From the pandas documentation, groupby means: - Splitting the data into groups based on some criteria. - Applying a function to each group independently. - Combining the results into a data structure.

Tip

Check out the documentation for more info.

We will take advantage of the pandas “group by” to calculate the percent increase in price values from March 2020 to July 2023 (the latest available data) for each county.

To do this, we’ll do the following:

Group by county name (the “RegionName” column)
Apply a function that does the following for each county’s data:
- Select the March 2020 data
- Select the July 2023 data
- Calculates the percent change for ZHVI and ZORI

First, do the groupby operation:

grouped = prices_philly_metro.groupby("RegionName")

grouped

<pandas.core.groupby.generic.DataFrameGroupBy object at 0x137c4a800>

The groupby() function returns a DataFrameGroupBy object. This object knows what the groups are, but we still need to apply() a function to this object in order to get a DataFrame back!
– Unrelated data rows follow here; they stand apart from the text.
Lemma dim_set1 n (p : n.-tuple M) : dim S [set p] = 0%N.
Proof.
have im_p : coord_map id @` [set p] = [set p].
  by apply/funext => x; apply/propext; split => [[_ -> <-]|->]; [|exists p];
    rewrite ?coord_map_id.
have fiber_p c : [set p] c -> [set p] `&` coord_map id @^-1` [set c] = [set p].
  move=> /= ->; apply/funext => x; apply/propext.
  by split => [[]//|->]; split; rewrite //= coord_map_id.
have h : dim S [set p] = (dim S [set p] + dim S [set p])%N.
  rewrite -{2}im_p; apply: dim_coord_projection; first exact: Def_set1.
    by exists p.
  by rewrite im_p => c /fiber_p ->.
by move/eqP: h; rewrite -{1}[dim S _]addn0 eqn_add2l => /eqP <-.
Qed.

Lemma dim_coord_map_inj N m (s : 'I_m -> 'I_N) (B : set (N.-tuple M)) :
  Def S B -> B !=set0 ->
  (forall b b', B b -> B b' -> coord_map s b = coord_map s b' -> b = b') ->
  dim S B = dim S (coord_map s @` B).
Proof.
move=> hB B0 s_inj; rewrite -[RHS]addn0; apply: dim_coord_projection => // _ [b Bb <-].
have -> : B `&` coord_map s @^-1` [set coord_map s b] = [set b].
  apply/funext => x; apply/propext.
  by split => [[Bx /s_inj]|->]; [exact | split].
exact: dim_set1.
Qed.

End Dimension.

Section Sections.
Variables (M : Type) (S : dimStructure M) (k n : nat).
Variable Z : set ((k + n).-tuple M).
Hypothesis hZ : Def S Z.

Lemma rpart_fiber_lpart a :
  rpart @` (Z `&` lpart @^-1` [set a]) = [set x | Z (cat_tuple a x)].
Proof.
apply/funext => x; apply/propext; split => [[t [Zt /= <-] <-]|/= Zx].
  by rewrite cat_lpart_rpart.
by exists (cat_tuple a x); rewrite ?rpart_cat //= lpart_cat.
Qed.

Lemma lpart_fiber_rpart x :
  lpart @` (Z `&` rpart @^-1` [set x]) = [set a | Z (cat_tuple a x)].
Proof.
apply/funext => a; apply/propext; split => [[t [Zt /= <-] <-]|/= Za].
  by rewrite cat_lpart_rpart.
by exists (cat_tuple a x); rewrite ?lpart_cat //= rpart_cat.
Qed.

Lemma Def_fiber_lpart a : Def S (Z `&` lpart @^-1` [set a]).
Proof. by apply: Def_setI => //; apply/Def_preim/Def_set1. Qed.

Lemma Def_fiber_rpart x : Def S (Z `&` rpart @^-1` [set x]).
Proof. by apply: Def_setI => //; apply/Def_preim/Def_set1. Qed.

Lemma dim_fiber_lpart a : [set x | Z (cat_tuple a x)] !=set0 ->
  dim S (Z `&` lpart @^-1` [set a]) = dim S [set x | Z (cat_tuple a x)].
Proof.
move=> [x Zx]; rewrite -rpart_fiber_lpart; apply: dim_coord_map_inj.
- exact: Def_fiber_lpart.
- by exists (cat_tuple a x); rewrite /= lpart_cat.
- move=> t t' [_ /= lt] [_ /= lt'] rt.
  by rewrite -(cat_lpart_rpart t) -(cat_lpart_rpart t') lt lt'; congr cat_tuple.
Qed.

Lemma dim_fiber_rpart x : [set a | Z (cat_tuple a x)] !=set0 ->
  dim S (Z `&` rpart @^-1` [set x]) = dim S [set a | Z (cat_tuple a x)].
Proof.
move=> [a Za]; rewrite -lpart_fiber_rpart; apply: dim_coord_map_inj.
- exact: Def_fiber_rpart.
- by exists (cat_tuple a x); rewrite /= rpart_cat.
- move=> t t' [_ /= rt] [_ /= rt'] lt.
  by rewrite -(cat_lpart_rpart t) -(cat_lpart_rpart t') rt rt'; congr cat_tuple.
Qed.

Lemma sectionL_nonempty a : (lpart @` Z) a -> [set x | Z (cat_tuple a x)] !=set0.
Proof. by move=> [t Zt <-]; exists (rpart t); rewrite /= cat_lpart_rpart. Qed.

Lemma sectionR_nonempty x : (rpart @` Z) x -> [set a | Z (cat_tuple a x)] !=set0.
Proof. by move=> [t Zt <-]; exists (lpart t); rewrite /= cat_lpart_rpart. Qed.

Lemma Def_dim_sectionR_eq e : Z !=set0 ->
  Def S [set x | (rpart @` Z) x /\ dim S [set a | Z (cat_tuple a x)] = e].
Proof.
move=> Z0; have := Def_dim_fiber_eq (@rshift k n) e hZ Z0; rewrite -/rpart.
congr (Def S _); apply/funext => x; apply/propext.
by split=> -[Zx <-] /=; split; rewrite // dim_fiber_rpart //; exact: sectionR_nonempty.
Qed.

Lemma dim_double_count e r : Z !=set0 ->
  (forall a, (lpart @` Z) a -> dim S [set x | Z (cat_tuple a x)] = e) ->
  (forall x, (rpart @` Z) x -> dim S [set a | Z (cat_tuple a x)] = r) ->
  (dim S (rpart @` Z) + r = dim S (lpart @` Z) + e)%N.
Proof.
move=> Z0 dimL dimR.
rewrite -(dim_coord_projection (s := @rshift k n)) // => [|x Zx].
  rewrite -(dim_coord_projection (s := @lshift k n)) // => a Za.
  by rewrite dim_fiber_lpart ?dimL //; exact: sectionL_nonempty.
by rewrite dim_fiber_rpart ?dimR //; exact: sectionR_nonempty.
Qed.

End Sections.

Section Incidence.
Variables (M : Type) (S : dimStructure M) (k n : nat).
Variables (A : set (k.-tuple M)) (X : set ((k + n).-tuple M)).
Hypotheses (hA : Def S A) (hX : Def S X).

Definition incidence : set ((k + n).-tuple M) := [set t | A (lpart t) /\ X t].

Lemma Def_incidence : Def S incidence.
Proof. by apply: Def_setI => //; apply: Def_preim. Qed.

Lemma incidence_cat a x : incidence (cat_tuple a x) = (A a /\ fam X a x).
Proof. by rewrite /incidence /= lpart_cat. Qed.

Lemma sectionR_incidence x : [set a | incidence (cat_tuple a x)] = famIdx A X x.
Proof. by apply/funext => a; rewrite /= incidence_cat. Qed.

Lemma rpart_incidence : rpart @` incidence = famU A X.
Proof.
apply/funext => x; apply/propext; split => [[t [At Xt] <-]|[a Aa Xax]].
  by exists (lpart t); rewrite // /fam /= cat_lpart_rpart.
by exists (cat_tuple a x); rewrite ?rpart_cat // incidence_cat.
Qed.

Lemma Def_famUr r : Def S (famUr S A X r).
Proof.
have [[t It]|I0] := pselect (incidence !=set0); last first.
  have -> : famUr S A X r = set0.
    apply/funext => x; apply/propext; split => // -[[a Aa Xax] _].
    by apply: I0; exists (cat_tuple a x); rewrite incidence_cat.
  by rewrite -setCT; apply/Def_setC/Def_setT.
have := Def_dim_sectionR_eq Def_incidence r (ex_intro _ t It).
congr (Def S _); rewrite rpart_incidence; apply/funext => x /=.
by rewrite sectionR_incidence.
Qed.

Definition layer_incidence r : set ((k + n).-tuple M) :=
  incidence `&` rpart @^-1` famUr S A X r.

Lemma Def_layer_incidence r : Def S (layer_incidence r).
Proof. by apply: Def_setI; [exact: Def_incidence | apply/Def_preim/Def_famUr]. Qed.

Lemma layer_incidence_cat r a x :
  layer_incidence r (cat_tuple a x) = (A a /\ layer S A X r a x).
Proof.
rewrite /layer_incidence /= rpart_cat incidence_cat.
by apply/propext; split => [[[]]|[? []]].
Qed.

Lemma sectionL_layer_incidence r a : A a ->
  [set x | layer_incidence r (cat_tuple a x)] = layer S A X r a.
Proof.
move=> Aa; apply/funext => x /=; rewrite layer_incidence_cat.
by apply/propext; split => [[]|].
Qed.

Lemma sectionR_layer_incidence r x : famUr S A X r x ->
  [set a | layer_incidence r (cat_tuple a x)] = famIdx A X x.
Proof.
move=> Urx; apply/funext => a /=; rewrite layer_incidence_cat.
by apply/propext; split => [[? []]|[]].
Qed.

Lemma lpart_layer_incidence r : (forall a, A a -> layer S A X r a !=set0) ->
  lpart @` layer_incidence r = A.
Proof.
move=> layer0; apply/funext => a; apply/propext; split => [[t [[At _] _] <-] //|Aa].
have [x ax] := layer0 a Aa.
by exists (cat_tuple a x); rewrite ?lpart_cat // layer_incidence_cat.
Qed.

Lemma rpart_layer_incidence r : rpart @` layer_incidence r = famUr S A X r.
Proof.
apply/funext => x; apply/propext; split => [[t [_ Urt] <-] //|Urx].
have [[a Aa Xax] _] := Urx.
by exists (cat_tuple a x); rewrite ?rpart_cat // layer_incidence_cat.
Qed.

End Incidence.

Theorem proposition3p2 (M : Type) (S : dimStructure M) (k n : nat)
  (A : set (k.-tuple M)) (X : set ((k + n).-tuple M)) (r : nat) :
  Def S A -> Def S X -> A !=set0 ->
  (forall a a', A a -> A a' -> (fam X a = fam X a' <-> a = a')) ->
  (r <= dim S A)%N ->
  (forall a, A a -> layer S A X r a !=set0) ->
  (forall a a', A a -> A a' -> dim S (layer S A X r a) = dim S (layer S A X r a')) ->
  forall a, A a ->
    (dim S (famUr S A X r) + r = dim S A + dim S (layer S A X r a))%N.
Proof.
move=> hA hX _ _ _ layer0 layer_dim a Aa.
have -> : dim S A = dim S (lpart @` layer_incidence S A X r).
  by rewrite lpart_layer_incidence.
rewrite -rpart_layer_incidence.
apply: dim_double_count; first exact: Def_layer_incidence.
- have [x ax] := layer0 a Aa.
  by exists (cat_tuple a x); rewrite layer_incidence_cat.
- move=> a'; rewrite lpart_layer_incidence // => Aa'.
  by rewrite sectionL_layer_incidence // (layer_dim a' a).
- move=> x; rewrite rpart_layer_incidence => Urx.
  by rewrite sectionR_layer_incidence //; case: Urx.
Qed.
Let’s set up our function:

def calculate_percent_increase(group_df):
    """
    Calculate the percent increase from 2020-03-31 to 2023-07-31.
    
    Note that `group_df` is the DataFrame for each group, in this
    case, the data for each county.
    """
    # Create selections for the march 2020 and july 2023 data
    march_sel = group_df["Date"] == "2020-03-31"
    july_sel = group_df["Date"] == "2023-07-31"
    
    # Get the data for each month (only 1 row, so squeeze it!)
    march_2020 = group_df.loc[march_sel].squeeze()
    july_2023 = group_df.loc[july_sel].squeeze()

    # Columns to calculate percent change for
    columns = ["ZORI", "ZHVI"]
    
    # Return the percent change for both columns
    return 100 * (july_2023[columns] / march_2020[columns] - 1)

Now, let’s apply this function to our group object:

result = grouped.apply(calculate_percent_increase)

result

	ZORI	ZHVI
RegionName
Bucks County	28.943525	33.028304
Burlington County	35.053677	37.403941
Camden County	35.580024	51.834765
Chester County	27.913963	39.692418
Delaware County	29.269362	41.453732
Gloucester County	36.979221	44.089155
Montgomery County	27.045037	39.111692
Philadelphia County	15.020128	20.048094

Note

Note that the index (shown in bold in the notebook output) is the column that we grouped over. That is always the case when we use groupby() in pandas. The resulting DataFrame’s index is the groupby columns.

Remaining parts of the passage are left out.